Анна взяла в руки фотографию и стала внимательно ее рассматривать.
– Это что, в самом деле труп? – спросила она удивленно.
– Да. Фотография сделана после того, как девушку извлекли из пруда. А что вас так удивило?
– Что удивило? Видите ли, я повидала немало трупов, когда служила в израильской армии, и у них, знаете ли, был совсем другой вид. Дело не в том, что у нее широко открыты глаза – многие жертвы терактов не успевали закрыть глаз. Просто у нее такое спокойное лицо, будто она просто лежит на травке и балдеет на солнышке, глядя в небо… Она что, не сопротивлялась убийце?
– Нет. Во всяком случае, следов такого сопротивления эксперты не обнаружили. Так вы знаете эту девушку?
– Нет, я ее не знаю. И никогда в доме княгини Махарадзе не встречала никакой похожей на нее девушки. Кстати, а почему вы связали ее с домом княгини, если это не полицейский секрет?
– Да нет, вовсе не секрет, – сказала графиня, подавая Анне копию объявления из «Русской мысли», – в кармане ее брюк мы нашли вот это.
– А вот это мне знакомо! – сказала Анна и улыбнулась. – Именно по этому объявлению я и устроилась на работу к княгине Махарадзе. Или это было другое объявление, но похожего содержания.
– Оно было опубликовано в «Русской мысли» 12 мая 1987 года.
– А, ну тогда это то самое объявление! Я приехала в Германию в апреле 87-го и искала какую-нибудь работу – вот оно мне и попалось на глаза. Я тут же написала письмо в «Русскую мысль» и в ответ получила приглашение приехать в Блаукирхен в определенный день для знакомства. Мы вроде бы сразу понравились друг другу…
– Вы говорите о княгине Кето Махарадзе? – быстро спросила Апраксина.
– Нет, о старой княгине, о бабушке Нине: ведь это для нее искали сиделку.
– А вы случайно не помните, вырезали вы тогда объявление из газеты или нет?
– Не помню… Хотя, подождите! Я купила газету на Главном вокзале… Наверняка я либо вырвала целиком страницу с объявлениями, либо оторвала часть газетного листа с ним.
– Вы не вырезали его ножницами?
– Я не имею привычки носить с собой маникюрный прибор с ножницами. Да я и маникюр себе никогда не делаю! – В доказательство Анна показала графине свою руку с широкой ладонью и крепкими пальцами с коротко обрезанными ногтями; на безымянном пальце у нее был крупный серебряный перстень с опалом.
– Какой красивый у вас перстень! – заметила Апраксина.

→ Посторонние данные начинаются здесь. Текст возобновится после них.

Definition mul_closure n seeds := mul_closure_from n seeds seeds.

Lemma mul_closure_ind (P : T -> Prop) n seeds :
  (forall x g, g \in gs -> P x -> P (mul x g)) -> (forall x, x \in seeds -> P x) ->
  forall y, y \in mul_closure n seeds -> P y.
Proof.
move=> Pmul Pseeds; rewrite /mul_closure.
suff fromP seen frontier : (forall x, x \in seen -> P x) -> (forall x, x \in frontier -> P x) ->
    forall y, y \in mul_closure_from n seen frontier -> P y by exact: fromP.
elim: n seen frontier => [|n IH] seen frontier Pseen Pfr //=.
set fresh := undup _.
have Pfresh x : x \in fresh -> P x.
  rewrite mem_undup mem_filter => /andP[_ /allpairsP[[y g] [/= yF gG ->]]].
  exact: Pmul (Pfr _ yF).
case: fresh Pfresh => [//|z zs] Pfresh; apply: IH => // x.
by rewrite mem_cat => /orP[]; [exact: Pfresh | exact: Pseen].
Qed.

End MulClosure.

Definition Q3 := (dyadic * dyadic)%type.
Definition K7 := (Q3 * Q3)%type.
Definition mat7 := ((K7 * K7) * (K7 * K7))%type.

Definition add3 : Q3 -> Q3 -> Q3 := qadd dadd.
Definition mul3 : Q3 -> Q3 -> Q3 := qmul dadd dmul (3, 0%N).
Definition mulK : K7 -> K7 -> K7 := qmul add3 mul3 ((-1, 0%N), (0, 0%N)).
Definition mul7 : mat7 -> mat7 -> mat7 := mmul (qadd add3) mulK.

Definition eval3 : Q3 -> algC := qeval (deval algC) r3.
Definition evalK : K7 -> algC := qeval eval3 'i.
Definition eval7 : mat7 -> M2 := meval evalK.

Lemma eval3D : {morph eval3 : x y / add3 x y >-> x + y}.
Proof. exact: qevalD r3 (devalD algC). Qed.

Lemma eval3M : {morph eval3 : x y / mul3 x y >-> x * y}.
Proof.
apply: qevalM (devalD algC) (devalM algC) _.
by rewrite sqrtCK /deval /= divr1.
Qed.

Lemma evalKM : {morph evalK : x y / mulK x y >-> x * y}.
Proof.
apply: qevalM eval3D eval3M _.
by rewrite sqrCi /eval3 /qeval /deval /= !divr1 rmorphN1 mul0r addr0.
Qed.

Lemma eval7M : {morph eval7 : A B / mul7 A B >-> A * B}.
Proof. exact: mevalM (qevalD 'i eval3D) evalKM. Qed.

Definition quarter (a b c d : int) : K7 :=
  let q n := dnorm (Z_of_int n) 2 in ((q a, q b), (q c, q d)).

Lemma evalK_quarter a b c d :
  evalK (quarter a b c d) = 4%:R^-1 * (a%:~R + b%:~R * r3 + (c%:~R + d%:~R * r3) * 'i).
Proof. by rewrite /evalK /eval3 /qeval !deval_dnorm !Z_of_intK; field. Qed.

Definition one_rep : mat7 :=
  ((quarter 4 0 0 0, quarter 0 0 0 0), (quarter 0 0 0 0, quarter 4 0 0 0)).
Definition s_rep : mat7 :=
  ((quarter 4 0 0 0, quarter 0 0 0 0), (quarter 0 0 0 0, quarter (-4) 0 0 0)).
Definition t_rep : mat7 :=
  ((quarter 1 1 (-1) 1, quarter 1 1 (-1) 1), (quarter (-1) 1 (-1) (-1), quarter 1 (-1) 1 1)).
Definition u_rep : mat7 :=
  ((quarter 1 1 (-1) 1, quarter (-1) 1 (-1) (-1)), (quarter 1 1 (-1) 1, quarter 1 (-1) 1 1)).

Lemma eval7_one : eval7 one_rep = 1.
Proof.
rewrite /eval7 /meval /= !evalK_quarter; apply/matrixP => i j; rewrite !mxE.
by case: i => [[|[|//]] ?]; case: j => [[|[|//]] ?]; rewrite /=; field.
Qed.

Lemma eval7_s : eval7 s_rep = s7.
Proof. by rewrite /s7 /eval7 /meval /= !evalK_quarter; congr mx2; field. Qed.

Lemma eval7_t : eval7 t_rep = t7.
Proof. by rewrite /t7 scale_mx2 /eval7 /meval /= !evalK_quarter; congr mx2; ring. Qed.

Lemma eval7_u : eval7 u_rep = u7.
Proof.
by rewrite /u7 /t7 scale_mx2 tr_mx2 /eval7 /meval /= !evalK_quarter; congr mx2; ring.
Qed.

Definition gens_rep : seq mat7 := [:: s_rep; t_rep; u_rep].

Definition G7list : seq mat7 :=
  Eval vm_compute in mul_closure mul7 gens_rep 144 [:: one_rep].

(* The conjugate transpose, an inverse on G7 because G7 is unitary; this is only
   ever used through the check [G7list_mul_adj]. *)
Definition adj7 (A : mat7) : mat7 :=
  let c (x : K7) : K7 := (x.1, (dmul (-1, 0%N) x.2.1, dmul (-1, 0%N) x.2.2)) in
  ((c A.1.1, c A.2.1), (c A.1.2, c A.2.2)).

Lemma G7list_has_gens : all (mem G7list) (one_rep :: gens_rep).
Proof. by vm_compute. Qed.

Lemma G7list_mulr_closed :
  all (fun m => all (fun g => mul7 m g \in G7list) (gens_rep ++ map adj7 gens_rep)) G7list.
Proof. by vm_compute. Qed.

Lemma G7list_mul_adj : all (fun m => mul7 m (adj7 m) == one_rep) G7list.
Proof. by vm_compute. Qed.

Definition class7 (m : mat7) : seq mat7 := undup [seq mul7 (mul7 (adj7 k) m) k | k <- G7list].

Definition generates (gs : seq mat7) : bool :=
  let reached := mul_closure mul7 gs 144 [:: one_rep] in all (fun g => g \in reached) gens_rep.

Lemma generatesP gs g :
  generates gs -> g \in gens_rep -> g \in mul_closure mul7 gs 144 [:: one_rep].
Proof. by rewrite /generates => /allP; apply. Qed.

Lemma t7_R2_S7_table :
  let S7list := class7 s_rep in
  all (fun b => all (fun c => generates [:: t_rep; b; c]) S7list) (class7 u_rep).
Proof. by vm_compute. Qed.

Definition in_G7list (x : M2) : Prop := exists2 m, m \in G7list & x = eval7 m.

Lemma G7list_inv m : m \in G7list ->
  eval7 m \is a GRing.unit /\ (eval7 m)^-1 = eval7 (adj7 m).
Proof.
by move=> mG; apply: mulmx1_inv; rewrite -eval7M (eqP (allP G7list_mul_adj m mG)) eval7_one.
Qed.

Lemma mulr_stable_G7list g :
  g \in gens_rep ++ map adj7 gens_rep -> mulr_stable in_G7list (eval7 g).
Proof.
move=> gG _ [m mG ->]; exists (mul7 m g); last by rewrite eval7M.
exact: allP (allP G7list_mulr_closed m mG) g gG.
Qed.

Lemma gens7_rep x : x = s7 \/ x = t7 \/ x = u7 -> exists2 r, r \in gens_rep & x = eval7 r.
Proof.
by case=> [->|[->|->]]; [exists s_rep | exists t_rep | exists u_rep];
  rewrite ?eval7_s ?eval7_t ?eval7_u ?inE ?eqxx ?orbT.
Qed.

Lemma G7_in_G7list g : G7 g -> in_G7list g.
Proof.
apply: gen_mulr_stable => [|x /gens7_rep[r rG ->]].
  by exists one_rep; rewrite ?eval7_one ?(allP G7list_has_gens) ?mem_head.
have [rU ->] : eval7 r \is a GRing.unit /\ (eval7 r)^-1 = eval7 (adj7 r).
  by apply/G7list_inv/(allP G7list_has_gens); rewrite inE rG orbT.
by split=> //; apply: mulr_stable_G7list; rewrite mem_cat ?map_f ?rG ?orbT.
Qed.

Lemma G7_unit g : G7 g -> g \is a GRing.unit.
Proof. by case/G7_in_G7list => m /G7list_inv[gU _] ->. Qed.

Lemma cls7_conj x y h : G7 h -> cls7 x y -> cls7 x (h * y * h^-1).
Proof.
move=> Gh [k Gk ->]; exists (k * h^-1); first exact: genM Gk (genV Gh).
by rewrite invrM ?unitrV ?G7_unit // invrK !mulrA.
Qed.

Lemma cls7_class7 m y : cls7 (eval7 m) y -> exists2 c, c \in class7 m & y = eval7 c.
Proof.
case=> h /G7_in_G7list[k kG ->] ->; exists (mul7 (mul7 (adj7 k) m) k).
  by rewrite mem_undup; apply/mapP; exists k.
by rewrite !eval7M; have [_ ->] := G7list_inv kG.
Qed.

Lemma subgroup_mul_closure (H : M2 -> Prop) gs n : subgroup H ->
  {in gs, forall g, H (eval7 g)} ->
  {in mul_closure mul7 gs n [:: one_rep], forall m, H (eval7 m)}.
Proof.
case=> H1 HM _ Hgs; apply: mul_closure_ind => [x g gG Hx|x].
  by rewrite eval7M; apply: HM Hx (Hgs g gG).
by rewrite inE => /eqP->; rewrite eval7_one.
Qed.

Lemma t7_R2_S7_generate_G7 (H : M2 -> Prop) : subgroup H -> H t7 ->
  (exists2 b, R2 b & H b) -> (exists2 c, S7 c & H c) -> forall g, G7 g -> H g.
Proof.
move=> Hgrp Ht [b R2b Hb] [c Sc Hc].
rewrite /R2 -eval7_u in R2b; rewrite /S7 -eval7_s in Sc.
have [b' b'R2 eb] := cls7_class7 R2b; have [c' c'S ec] := cls7_class7 Sc.
have Htbc : {in [:: t_rep; b'; c'], forall g, H (eval7 g)}.
  by move=> x; rewrite !inE => /or3P[] /eqP->; rewrite ?eval7_t -?eb -?ec.
have Hgens : {in gens_rep, forall g, H (eval7 g)}.
  move=> g /(generatesP (allP (allP t7_R2_S7_table b' b'R2) c' c'S)).
  exact: subgroup_mul_closure Hgrp Htbc g.
by apply: gen_min Hgrp _ => x /gens7_rep[r rG ->]; exact: Hgens.
Qed.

– Подарок бабушки Нины, – гордо сказала Анна, полюбовалась перстнем и убрала руку. Но Апраксиной показалось, что по лицу Анны скользнула какая-то тень.
– Теперь расскажите нам, на каких условиях вы начали работу в доме княгини Махарадзе.
Анна нахмурилась.
– Это что, имеет непосредственное отношение к убитой девушке?

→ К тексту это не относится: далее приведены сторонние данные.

(* Define $\tau:\mathbb N\to\mathbb N$ by $$\tau(n)=\begin{cases}\lfloor\varphi n+1\rfloor, & n\in R_{2,0},\\ \lfloor\varphi n-1\rfloor, & n\in R_{1,0},\\ \lfloor(\varphi-1) n+1\rfloor, & n\in R_{1,1}.\end{cases}$$ Then $\tau$ is an $R_{i,j}$-permutation of $\mathbb N$ (first values $1,2,5,3,7,4,10,13,6,15,\dots$), and its inverse is the $R_{i,j}$-permutation $$\tau^{-1}(n)=\begin{cases}\lfloor\varphi n\rfloor, & n\in R_{2,0}\cup R_{1,1},\\ \lfloor(\varphi-1) n+1\rfloor, & n\in R_{2,1},\\ \lfloor(\varphi-1) n\rfloor, & n\in R_{3,0}.\end{cases}$$
   Context: $\mathbb N=\{1,2,\dots\}$, $\varphi=\frac{1+\sqrt5}{2}$, $F$ the Fibonacci numbers ($F(0)=0,F(1)=F(2)=1$). For $i\in\mathbb Z^{\ge0},j\in\mathbb Z$, $R_{i,j}$ is the range of $n\mapsto F(i+1)\lfloor n\varphi\rfloor+F(i)n-j$, $n\in\mathbb N$. An $R_{i,j}$-permutation is a permutation $\pi$ of $\mathbb N$ defined piecewise on a finite partition of $\mathbb N$ into sets $R_{i,j}$, with $\pi(n)=\lfloor(a\varphi+b)n+c\rfloor$ on each piece for integers $a,b,c$ depending on the piece. *)

From Stdlib Require Import Reals ZArith List ClassicalEpsilon.
Open Scope R_scope.

Fixpoint fib (n : nat) : Z :=
  match n with
  | O => 0%Z
  | S O => 1%Z
  | S ((S m) as p) => (fib p + fib m)%Z
  end.

Definition phi : R := (1 + sqrt 5) / 2.

Definition flr (x : R) : Z := Int_part x.

(* N = {1,2,...} is represented by the integers n with 1 <= n. *)
Definition Rset (i : nat) (j : Z) (m : Z) : Prop :=
  exists n : Z, (1 <= n)%Z /\
    m = (fib (S i) * flr (IZR n * phi) + fib i * n - j)%Z.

– Возможно, да, а возможно, и нет, – сказал инспектор. – Но мы надеемся на честный и откровенный ответ.
– В таком случае я подожду, пока вы мне точно не скажете, что этот дом имеет непосредственное отношение к убийству, – тогда и поговорим. Хоть я и сиделка, можно сказать, прислуга, но я живу в доме уже несколько лет и не сделаю ничего, что может повредить хозяевам.
– А может? – проникновенно спросила Апраксина.
– Вы о чем?
– О том, что вы знаете о хозяевах что-то такое, что может заинтересовать полицию.
– Возможно, да, а возможно, и нет, – повторила девушка ранее сказанные слова инспектора. – Задавайте ваши вопросы о деле – получите ответы, а уж делать выводы будете сами. Это ведь ваша работа, или нет?
– Так вы, значит, служили в израильской армии, – сказала Апраксина.
– Да. Служила. В Израиле существует воинская обязанность и для девушек. Что, это до сих пор заметно?
– Что-то такое есть, – неопределенно ответила графиня, а про себя подумала: «У тебя, девушка, характер солдатский: раз-два и отрезала! Но при этом ты, милая, и сама не заметила, что сказала больше, чем хотела». И тут же Апраксина повернулась к инспектору: – Я думаю, мы не будем требовать от Анны, чтобы она поступалась своими принципами. В сущности, она сказала нам все, что имеет отношение к объявлению в «Русской мысли», не так ли, инспектор?